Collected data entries
■ ■ ■ ■ ■

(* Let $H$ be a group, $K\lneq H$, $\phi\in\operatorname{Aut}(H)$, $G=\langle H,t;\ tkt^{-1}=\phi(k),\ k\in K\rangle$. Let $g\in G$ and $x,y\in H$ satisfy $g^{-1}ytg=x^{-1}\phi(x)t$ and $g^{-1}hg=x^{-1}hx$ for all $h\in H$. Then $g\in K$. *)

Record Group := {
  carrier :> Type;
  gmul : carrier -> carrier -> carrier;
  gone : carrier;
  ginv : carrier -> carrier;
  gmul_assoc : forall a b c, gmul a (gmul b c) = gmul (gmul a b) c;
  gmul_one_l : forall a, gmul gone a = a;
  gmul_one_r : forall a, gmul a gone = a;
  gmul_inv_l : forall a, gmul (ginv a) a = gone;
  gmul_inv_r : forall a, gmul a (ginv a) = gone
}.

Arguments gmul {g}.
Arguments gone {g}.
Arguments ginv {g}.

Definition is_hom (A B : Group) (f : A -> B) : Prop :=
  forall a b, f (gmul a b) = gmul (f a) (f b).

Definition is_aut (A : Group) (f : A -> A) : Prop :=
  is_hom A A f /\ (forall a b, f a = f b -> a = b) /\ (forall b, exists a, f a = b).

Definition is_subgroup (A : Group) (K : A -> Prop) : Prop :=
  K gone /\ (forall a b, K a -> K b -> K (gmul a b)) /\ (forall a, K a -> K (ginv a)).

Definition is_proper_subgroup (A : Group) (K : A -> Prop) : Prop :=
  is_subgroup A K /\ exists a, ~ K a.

■ ■ ■ ■ ■

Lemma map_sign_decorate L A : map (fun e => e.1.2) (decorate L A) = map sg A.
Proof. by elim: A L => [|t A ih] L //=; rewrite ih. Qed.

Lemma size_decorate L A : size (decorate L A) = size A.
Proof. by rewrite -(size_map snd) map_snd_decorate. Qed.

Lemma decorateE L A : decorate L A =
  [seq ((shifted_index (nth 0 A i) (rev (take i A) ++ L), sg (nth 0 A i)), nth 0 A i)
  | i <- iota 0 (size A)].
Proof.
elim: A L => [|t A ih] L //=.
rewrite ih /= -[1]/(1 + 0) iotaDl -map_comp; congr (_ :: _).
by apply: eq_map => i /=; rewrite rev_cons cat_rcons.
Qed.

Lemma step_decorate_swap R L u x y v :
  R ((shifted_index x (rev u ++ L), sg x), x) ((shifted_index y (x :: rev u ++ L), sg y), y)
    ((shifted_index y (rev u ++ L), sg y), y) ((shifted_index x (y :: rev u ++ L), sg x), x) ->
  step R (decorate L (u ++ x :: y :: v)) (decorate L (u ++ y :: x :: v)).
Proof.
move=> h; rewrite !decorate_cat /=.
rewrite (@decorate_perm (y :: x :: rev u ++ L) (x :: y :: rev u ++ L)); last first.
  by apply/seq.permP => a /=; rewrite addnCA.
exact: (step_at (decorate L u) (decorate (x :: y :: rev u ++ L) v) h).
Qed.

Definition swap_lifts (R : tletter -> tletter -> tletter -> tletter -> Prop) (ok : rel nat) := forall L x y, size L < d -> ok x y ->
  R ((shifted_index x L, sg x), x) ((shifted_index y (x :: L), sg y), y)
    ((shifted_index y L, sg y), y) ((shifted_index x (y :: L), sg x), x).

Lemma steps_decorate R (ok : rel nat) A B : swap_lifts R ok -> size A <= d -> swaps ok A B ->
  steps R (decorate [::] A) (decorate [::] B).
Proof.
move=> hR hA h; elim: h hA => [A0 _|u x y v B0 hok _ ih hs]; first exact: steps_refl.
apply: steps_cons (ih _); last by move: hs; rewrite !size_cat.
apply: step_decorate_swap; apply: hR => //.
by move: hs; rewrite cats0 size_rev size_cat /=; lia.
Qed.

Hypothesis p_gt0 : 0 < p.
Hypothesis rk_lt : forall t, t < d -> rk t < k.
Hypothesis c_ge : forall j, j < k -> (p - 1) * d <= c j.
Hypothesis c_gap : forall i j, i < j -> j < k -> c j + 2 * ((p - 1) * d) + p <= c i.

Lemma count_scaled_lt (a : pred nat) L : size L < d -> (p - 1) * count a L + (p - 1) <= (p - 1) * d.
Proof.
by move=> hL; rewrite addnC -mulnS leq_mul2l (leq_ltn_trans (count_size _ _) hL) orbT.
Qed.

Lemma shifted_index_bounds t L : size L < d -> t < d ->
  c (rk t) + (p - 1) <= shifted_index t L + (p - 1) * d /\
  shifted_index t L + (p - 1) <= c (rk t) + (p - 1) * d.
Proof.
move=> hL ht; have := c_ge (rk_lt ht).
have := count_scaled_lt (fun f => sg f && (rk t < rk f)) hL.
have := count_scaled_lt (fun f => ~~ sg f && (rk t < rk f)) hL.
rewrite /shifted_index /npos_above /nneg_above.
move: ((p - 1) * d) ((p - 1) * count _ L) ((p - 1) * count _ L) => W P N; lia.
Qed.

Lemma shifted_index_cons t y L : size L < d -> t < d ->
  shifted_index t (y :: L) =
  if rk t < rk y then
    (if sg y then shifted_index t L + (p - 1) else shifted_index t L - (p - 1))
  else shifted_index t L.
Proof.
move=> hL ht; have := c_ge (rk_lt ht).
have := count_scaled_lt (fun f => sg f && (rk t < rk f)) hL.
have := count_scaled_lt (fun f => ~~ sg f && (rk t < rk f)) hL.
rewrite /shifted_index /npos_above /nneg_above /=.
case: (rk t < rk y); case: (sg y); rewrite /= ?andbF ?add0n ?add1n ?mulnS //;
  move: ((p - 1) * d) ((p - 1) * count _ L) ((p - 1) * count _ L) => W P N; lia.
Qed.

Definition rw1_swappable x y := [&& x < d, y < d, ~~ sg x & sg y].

■ ■ ■ ■ ■

Provide only the count of lines above in which the word "last" occurs.

* _Your solution_: 2